● **ABOUT THIS EXERCISE**: All of the data is to be repeated verbatim.

Stored items:

Lemma mxtrace_psdmx_pdmx_ge0 n (P K : 'M[R]_n) : psdmx P -> pdmx K ->
  0 <= \tr (P *m K).
Proof.
move=> [_ qP] /pdmx_cholesky[T [_ _ ->]].
rewrite mulmxA mxtrace_mulC; apply: sumr_ge0 => i _.
rewrite -qform_delta; set e := delta_cV i.
have -> : e^T *m (T^T *m (P *m T)) *m e = (T *m e)^T *m P *m (T *m e).
  by rewrite trmx_mul !mulmxA.
exact: qP.
Qed.

End Cholesky.

Section LogDet.
Variable R : realType.

Lemma ln_prod (I : Type) (r : seq I) (P : pred I) (f : I -> R) :
  (forall i, P i -> 0 < f i) ->
  ln (\prod_(i <- r | P i) f i) = \sum_(i <- r | P i) ln (f i).
Proof.
move=> f_gt0.
suff [] : 0 < \prod_(i <- r | P i) f i /\
  ln (\prod_(i <- r | P i) f i) = \sum_(i <- r | P i) ln (f i) by [].
elim/big_rec2: _ => [|i y1 y2 Pi [y1_gt0 <-]]; first by rewrite ln1.
by rewrite mulr_gt0 ?f_gt0 // lnM // posrE f_gt0.
Qed.

Lemma ln_le_subr1 (y : R) : 0 < y -> ln y <= y - 1.
Proof. by move=> y_gt0; have := expR_ge1Dx (ln y); rewrite lnK ?posrE //; lra. Qed.

Lemma ln_lt_subr1 (y : R) : 0 < y -> y != 1 -> ln y < y - 1.
Proof.
move=> y_gt0 y1; have := @expR_gt1Dx R (ln y).
by rewrite ln_eq0 // y1 lnK ?posrE // => /(_ isT); lra.
Qed.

● **WORKED SOLUTION**:
Lemma mxtrace_psdmx_pdmx_ge0 n (P K : 'M[R]_n) : psdmx P -> pdmx K ->
  0 <= \tr (P *m K).
Proof.
move=> [_ qP] /pdmx_cholesky[T [_ _ ->]].
rewrite mulmxA mxtrace_mulC; apply: sumr_ge0 => i _.
rewrite -qform_delta; set e := delta_cV i.
have -> : e^T *m (T^T *m (P *m T)) *m e = (T *m e)^T *m P *m (T *m e).
  by rewrite trmx_mul !mulmxA.
exact: qP.
Qed.

End Cholesky.

Section LogDet.
Variable R : realType.

Lemma ln_prod (I : Type) (r : seq I) (P : pred I) (f : I -> R) :
  (forall i, P i -> 0 < f i) ->
  ln (\prod_(i <- r | P i) f i) = \sum_(i <- r | P i) ln (f i).
Proof.
move=> f_gt0.
suff [] : 0 < \prod_(i <- r | P i) f i /\
  ln (\prod_(i <- r | P i) f i) = \sum_(i <- r | P i) ln (f i) by [].
elim/big_rec2: _ => [|i y1 y2 Pi [y1_gt0 <-]]; first by rewrite ln1.
by rewrite mulr_gt0 ?f_gt0 // lnM // posrE f_gt0.
Qed.

Lemma ln_le_subr1 (y : R) : 0 < y -> ln y <= y - 1.
Proof. by move=> y_gt0; have := expR_ge1Dx (ln y); rewrite lnK ?posrE //; lra. Qed.

Lemma ln_lt_subr1 (y : R) : 0 < y -> y != 1 -> ln y < y - 1.
Proof.
move=> y_gt0 y1; have := @expR_gt1Dx R (ln y).
by rewrite ln_eq0 // y1 lnK ?posrE // => /(_ isT); lra.
Qed.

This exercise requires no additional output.